Extracted material:
Lemma continuous_eval e x Y : -1 < x ->
  continuous (fun p : R * R => eval e (fst p) (snd p)) (x, Y).
Proof.
  intros Hx.
  assert (Hxs : continuous (fun p : R * R => fst p + 1) (x, Y))
    by (apply (continuous_plus (fun p : R * R => fst p) (fun _ => 1));
        [apply continuous_fst | apply continuous_const]).
  induction e; simpl.
  - apply continuous_const.
  - exact Hxs.
  - apply continuous_snd.
  - apply (continuous_comp (fun p : R * R => norm2 (fst p) (snd p)) Rinv).
    + apply (continuous_plus (fun p : R * R => (fst p + 1) * (fst p + 1))
                             (fun p : R * R => snd p * snd p)).
      * now apply (continuous_mult (fun p : R * R => fst p + 1) (fun p : R * R => fst p + 1)).
      * apply (continuous_mult (fun p : R * R => snd p) (fun p : R * R => snd p));
          apply continuous_snd.
    + apply continuous_Rinv, Rgt_not_eq, norm2_pos, Hx.
  - now apply (continuous_plus (fun p : R * R => eval e1 (fst p) (snd p))
                               (fun p : R * R => eval e2 (fst p) (snd p))).
  - now apply (continuous_mult (fun p : R * R => eval e1 (fst p) (snd p))
                               (fun p : R * R => eval e2 (fst p) (snd p))).
Qed.

Lemma smooth_on_Omega_eval L e : smooth_on_Omega L (eval e).
Proof.
  intros ds x Y [[Hx _] _].
  assert (Hx1 : -1 < x) by lra.
  assert (Hds : forall x' Y', -1 < x' ->
            eval (derivs ds e) x' Y' = partial ds (eval e) x' Y')
    by (intros; symmetry; now apply partial_eval).
  split; [|split].
  - eexists; apply (is_derive_ext_loc (fun t => eval (derivs ds e) t Y));
      [| now apply is_derive_eval_x].
    apply (filter_imp (fun t => -1 < t)); [now intros; apply Hds | now apply locally_gt].
  - eexists; apply (is_derive_ext (fun t => eval (derivs ds e) x t));
      [now intros; apply Hds | now apply is_derive_eval_Y].
  - apply (continuous_ext_loc _ (fun p : R * R => eval (derivs ds e) (fst p) (snd p)));
      [| now apply continuous_eval].
    apply (filter_imp (fun p : R * R => -1 < fst p)); [now intros; apply Hds |].
    apply (continuous_fst x Y (fun t => -1 < t)), locally_gt, Hx1.
Qed.

(* [ipow true p] and [ipow false p] are the real and imaginary parts of
   w^-p, w = (x + 1) + iY, computed from w^-1 = conj w / norm2. *)
Fixpoint ipow (b : bool) (p : nat) {struct p} : expr :=
  match p with
  | O => Cst (if b then 1 else 0)
  | S p =>
      Mul (if b then Add (Mul Xs (ipow true p)) (Mul Yv (ipow false p))
                else Add (Mul Xs (ipow false p)) (Mul (Cst (-1)) (Mul Yv (ipow true p))))
          InvNorm2
  end.

(* d/dx w^-p = - p w^-(p+1) and d/dY w^-p = - i p w^-(p+1). *)
Definition ipow_coef (d b : bool) (p : nat) : R :=
  if d then - INR p else if b then INR p else - INR p.

Lemma eval_deriv_ipow d b p x Y : -1 < x ->
  eval (deriv d (ipow b p)) x Y =
  ipow_coef d b p * eval (ipow (if d then b else negb b) (S p)) x Y.
Proof.
  intros Hx; pose proof (norm2_pos x Y Hx) as Hn.
  revert d b; induction p as [|p IH]; intros d b.
  - destruct d, b; simpl; ring.
  - destruct d, b; cbn [deriv ipow eval]; rewrite !IH; cbn [ipow eval negb ipow_coef];
      rewrite !S_INR; unfold norm2 in *; field; lra.
Qed.

Lemma ipow_norm p x Y : -1 < x ->
  eval (ipow true p) x Y ^ 2 + eval (ipow false p) x Y ^ 2 = (/ norm2 x Y) ^ p.
Proof.
  intros Hx; pose proof (norm2_pos x Y Hx) as Hn.
  induction p as [|p IH]; simpl; [ring|].
  rewrite <- IH; unfold norm2 in *; field; lra.
Qed.

Lemma ipow_weighted_le b p k x Y : 0 < x -> (k <= p)%nat ->
  Rabs (Y ^ k * eval (ipow b p) x Y) <= 1.
Proof.
  intros Hx Hkp.
  pose proof (ipow_norm p x Y ltac:(lra)) as Hnorm.
  assert (Hn : 1 <= norm2 x Y) by (unfold norm2; nra).
  set (t := / norm2 x Y) in Hnorm.
  assert (Ht : 0 < t <= 1)
    by (split; [apply Rinv_0_lt_compat | rewrite <- Rinv_1; apply Rinv_le_contravar]; lra).
  assert (HYt : 0 <= Y ^ 2 * t <= 1).
  { split; [apply Rmult_le_pos; [apply pow2_ge_0 | lra]|].
    unfold t; apply (Rdiv_le_1 (Y ^ 2) (norm2 x Y)); [lra | unfold norm2; nra]. }
  set (z := eval (ipow b p) x Y).
  assert (Hz : z ^ 2 <= t ^ p)
    by (rewrite <- Hnorm; unfold z; destruct b; pose proof (pow2_ge_0 (eval (ipow true p) x Y));
        pose proof (pow2_ge_0 (eval (ipow false p) x Y)); lra).
  assert (Hpow : forall a n, 0 <= a <= 1 -> 0 <= a ^ n <= 1)
    by (intros a n Ha; split; [apply pow_le; lra | rewrite <- (pow1 n); apply pow_incr; lra]).
  rewrite <- Rabs_R1; apply Rsqr_le_abs_0; unfold Rsqr.
  replace p with (k + (p - k))%nat in Hz by lia.
  rewrite pow_add in Hz.
  destruct (Hpow t (p - k)%nat ltac:(lra)), (Hpow (Y ^ 2 * t) k HYt).
  replace (Y ^ k * z * (Y ^ k * z)) with ((Y ^ 2) ^ k * z ^ 2)
    by (rewrite <- pow_mult, Nat.mul_comm, pow_mult; ring).
  rewrite Rpow_mult_distr in *.
  assert (0 <= (Y ^ 2) ^ k) by (apply pow_le, pow2_ge_0).
  nra.
Qed.

Lemma ipow_Im_Y0 p x : eval (ipow false p) x 0 = 0.
Proof. induction p as [|p IH]; simpl; [reflexivity|]. rewrite IH; ring. Qed.

Lemma eval_lipschitz_Y e x Y M : -1 < x -> 0 <= Y ->
  (forall t, 0 <= t <= Y -> Rabs (eval (deriv false e) x t) <= M) ->
  Rabs (eval e x Y - eval e x 0) <= M * Y.
Proof.
  intros Hx HY HM.
  destruct (MVT_gen (fun t => eval e x t) 0 Y (eval (deriv false e) x)) as [c [Hc ->]].
  - intros t _; now apply is_derive_eval_Y.
  - intros t _; apply continuity_pt_filterlim, (ex_derive_continuous (fun t => eval e x t)).
    eexists; now apply is_derive_eval_Y.
  - rewrite Rmin_left, Rmax_right in Hc by lra.
    rewrite Rminus_0_r, Rabs_mult, (Rabs_pos_eq Y) by lra.
    apply Rmult_le_compat_r; [lra | now apply HM].
Qed.

Lemma ipow_Im_le p x Y : 0 < x -> 0 <= Y ->
  Rabs (eval (ipow false p) x Y) <= INR p * Y.
Proof.
  intros Hx HY.
  rewrite <- (Rminus_0_r (eval _ x Y)), <- (ipow_Im_Y0 p x).
  apply eval_lipschitz_Y; [lra | exact HY |].
  intros t _; rewrite eval_deriv_ipow by lra; cbn [ipow_coef negb].
  rewrite Rabs_mult, Rabs_Ropp, (Rabs_pos_eq (INR p)) by apply pos_INR.
  rewrite <- (Rmult_1_r (INR p)) at 2.
  apply Rmult_le_compat_l; [apply pos_INR|].
  pose proof (ipow_weighted_le true (S p) 0 x t Hx (Nat.le_0_l _)) as H.
  now rewrite pow_O, Rmult_1_l in H.
Qed.

(* If Im w^-p vanished for all Y > 0, so would its Y-derivative - p Re w^-(p+1),
   and at Y = 1 this forces Re w^-p = Im w^-p = 0, against |w^-p| > 0. *)
Lemma ipow_Im_not_identically_zero p x : (1 <= p)%nat -> -1 < x ->
  exists Y, 0 < Y /\ eval (ipow false p) x Y <> 0.
Proof.
  intros Hp Hx.
  destruct (classic (exists Y, 0 < Y /\ eval (ipow false p) x Y <> 0)) as [|Hnone];
    [assumption | exfalso].
  assert (Hzero : forall Y, 0 < Y -> eval (ipow false p) x Y = 0).
  { intros Y HY; apply NNPP; intros HnY; apply Hnone; now exists Y. }
  assert (Hderiv : eval (deriv false (ipow false p)) x 1 = 0).
  { rewrite <- (pd_eval_ext false (eval (ipow false p)) (ipow false p)) by easy.
    cbn [pd]; rewrite (Derive_ext_loc _ (fun _ => 0)); [apply Derive_const|].
    apply (filter_imp (fun t => 0 < t)); [exact Hzero | apply locally_gt; lra]. }
  rewrite eval_deriv_ipow in Hderiv by exact Hx.
  cbn [ipow_coef negb ipow eval] in Hderiv.
  rewrite (Hzero 1 Rlt_0_1) in Hderiv.
  pose proof (ipow_norm p x 1 Hx) as Hnorm.
  rewrite (Hzero 1 Rlt_0_1) in Hnorm.
  pose proof (norm2_pos x 1 Hx) as Hn.
  assert (HpR : 0 < INR p) by (apply lt_0_INR; lia).
  assert (Hre : eval (ipow true p) x 1 = 0).
  { apply Rmult_integral in Hderiv as [Hc | Hc]; [lra|].
    apply Rmult_integral in Hc as [Hc | Hc]; [| pose proof (Rinv_0_lt_compat _ Hn); lra].
    apply (Rmult_eq_reg_l (x + 1)); lra. }
  rewrite Hre in Hnorm.
  pose proof (pow_lt (/ norm2 x 1) p (Rinv_0_lt_compat _ Hn)).
  simpl in Hnorm; lra.
Qed.

Lemma Rabs_ipow_coef d b p : Rabs (ipow_coef d b p) = INR p.
Proof.
  pose proof (pos_INR p).
  destruct d, b; unfold ipow_coef; rewrite ?Rabs_Ropp; now apply Rabs_pos_eq.
Qed.

Lemma eval_derivs_ipow ds b p : exists c b',
  Rabs c <= INR (p + length ds) ^ length ds /\
  forall x Y, -1 < x ->
    eval (derivs ds (ipow b p)) x Y = c * eval (ipow b' (p + length ds)) x Y.
Proof.
  induction ds as [|d ds [c [b' [Hc IH]]]].
  - exists 1, b; simpl; rewrite Nat.add_0_r, Rabs_R1; split; [lra | intros; ring].
  - set (q := (p + length ds)%nat) in *.
    exists (c * ipow_coef d b' q), (if d then b' else negb b').
    cbn [length]; rewrite Nat.add_succ_r; fold q.
    split.
    + rewrite Rabs_mult, Rabs_ipow_coef, S_INR; cbn [pow].
      pose proof (pos_INR q); pose proof (Rabs_pos c).
      assert (INR q ^ length ds <= (INR q + 1) ^ length ds) by (apply pow_incr; lra).
      nra.
    + intros x Y Hx; cbn [derivs].
      rewrite (eval_deriv_ext d _ (Mul (Cst c) (ipow b' q))) by easy.
      cbn [deriv eval]; rewrite eval_deriv_ipow by exact Hx; ring.
Qed.

Definition affine (c1 c0 : R) (e : expr) : expr := Add (Cst c1) (Mul (Cst c0) e).

Lemma eval_derivs_affine ds c1 c0 e x Y : -1 < x ->
  eval (derivs ds (affine c1 c0 e)) x Y =
  match ds with nil => c1 | _ => 0 end + c0 * eval (derivs ds e) x Y.
Proof.
  revert x Y; induction ds as [|d ds IH]; intros x Y Hx; [reflexivity|].
  cbn [derivs]; rewrite (eval_deriv_ext d _ (affine (match ds with nil => c1 | _ => 0 end) c0 (derivs ds e)))
    by first [exact Hx | intros; now apply IH].
  cbn [affine deriv eval]; ring.
Qed.

Lemma weighted_deriv_bounded_affine_ipow L k m c1 c0 b p :
  (k <= p)%nat -> c1 = 0 \/ (1 <= m)%nat ->
  weighted_deriv_bounded L k m (eval (affine c1 c0 (ipow b p))).
Proof.
  intros Hkp Hc1; exists (Rabs c0 * INR (p + m) ^ m).
  intros ds x Y <- [[Hx _] _].
  destruct (eval_derivs_ipow ds b p) as [c [b' [Hc Hds]]].
  rewrite partial_eval, eval_derivs_affine, Hds by lra.
  replace (match ds with nil => c1 | _ => 0 end) with 0
    by (destruct ds; [destruct Hc1; [easy | simpl in *; lia] | reflexivity]).
  replace (Y ^ k * (0 + c0 * (c * eval (ipow b' (p + length ds)) x Y)))
    with (c0 * c * (Y ^ k * eval (ipow b' (p + length ds)) x Y)) by ring.
  rewrite (Rabs_mult (c0 * c)), Rabs_mult, <- (Rmult_1_r (_ * INR _ ^ _)).
  apply Rmult_le_compat; [apply Rmult_le_pos; apply Rabs_pos | apply Rabs_pos | |].
  - apply Rmult_le_compat_l; [apply Rabs_pos | exact Hc].
  - apply ipow_weighted_le; [exact Hx | lia].
Qed.

Lemma filterlim_0_squeeze {T} (F : (T -> Prop) -> Prop) {FF : Filter F} (f g : T -> R) :
  F (fun t => Rabs (f t) <= g t) -> filterlim g F (locally 0) ->
  filterlim f F (locally 0).
Proof.
  intros Hfg Hg.
  apply (filterlim_le_le (fun t => - g t) f g 0); [| | exact Hg].
  - apply (filter_imp _ _ (fun t => proj1 (Rabs_le_between (f t) (g t)))), Hfg.
  - eapply filterlim_comp; [exact Hg|].
    rewrite <- Ropp_0 at 2; apply (filterlim_opp (V := R_NormedModule)).
Qed.

Lemma filterlim_linear_at_right_0 C :
  filterlim (fun Y => C * Y) (at_right 0) (locally 0).
Proof.
  apply (filterlim_filter_le_1 (F := locally 0)); [apply filter_le_within |].
  rewrite <- (Rmult_0_r C) at 2.
  apply (continuous_mult (fun _ => C) (fun Y : R => Y)); [apply continuous_const | apply continuous_id].
Qed.

Lemma filterlim_inverse_at_infty C :
  filterlim (fun Y => C / Y) (Rbar_locally p_infty) (locally 0).
Proof.
  assert (H := is_lim_scal_l _ C _ _ (is_lim_inv _ _ _ (is_lim_id p_infty) ltac:(discriminate))).
  simpl in H; rewrite Rmult_0_r in H; exact H.
Qed.

Definition flow_u (delta : R) (N : nat) : expr := affine 1 (- delta) (ipow true N).
Definition flow_v (delta : R) (N : nat) : expr := affine 0 delta (ipow false N).
Definition flow_P (delta : R) (N : nat) : expr :=
  Mul (Cst (-1/2)) (Add (Mul (flow_u delta N) (flow_u delta N))
                        (Mul (flow_v delta N) (flow_v delta N))).

Lemma flow_Euler_equations delta N x Y : -1 < x ->
  let u := eval (flow_u delta N) in
  let v := eval (flow_v delta N) in
  let P := eval (flow_P delta N) in
  u x Y * pd true u x Y + v x Y * pd false u x Y + pd true P x Y = 0 /\
  u x Y * pd true v x Y + v x Y * pd false v x Y + pd false P x Y = 0 /\
  pd true u x Y + pd false v x Y = 0.
Proof.
  intros Hx u v P; unfold u, v, P.
  rewrite !(pd_eval_ext _ _ _ x Y (fun _ _ _ => eq_refl)) by exact Hx.
  unfold flow_P, flow_u, flow_v, affine; cbn [deriv eval].
  rewrite !eval_deriv_ipow by exact Hx; cbn [ipow_coef negb].
  repeat split; field.
Qed.

Lemma flow_v_le_linear delta N x Y : 0 < x -> 0 <= Y ->
  Rabs (eval (flow_v delta N) x Y) <= Rabs delta * INR N * Y.
Proof.
  intros Hx HY; cbn [flow_v affine eval].
  rewrite Rplus_0_l, Rabs_mult, Rmult_assoc.
  apply Rmult_le_compat_l; [apply Rabs_pos | now apply ipow_Im_le].
Qed.

Lemma flow_v_le_inverse delta N x Y : 0 < x -> (1 <= N)%nat ->
  Rabs (Y * eval (flow_v delta N) x Y) <= Rabs delta.
Proof.
  intros Hx HN; cbn [flow_v affine eval].
  replace (Y * (0 + delta * eval (ipow false N) x Y))
    with (delta * (Y ^ 1 * eval (ipow false N) x Y)) by ring.
  rewrite Rabs_mult; rewrite <- (Rmult_1_r (Rabs delta)) at 2.
  apply Rmult_le_compat_l; [apply Rabs_pos | now apply ipow_weighted_le].
Qed.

Instructions for the task:
In the listing above, find each line with the word "forall" and copy it.

Output for this exercise:
  assert (Hds : forall x' Y', -1 < x' ->
  assert (Hpow : forall a n, 0 <= a <= 1 -> 0 <= a ^ n <= 1)
  (forall t, 0 <= t <= Y -> Rabs (eval (deriv false e) x t) <= M) ->
  assert (Hzero : forall Y, 0 < Y -> eval (ipow false p) x Y = 0).
  forall x Y, -1 < x ->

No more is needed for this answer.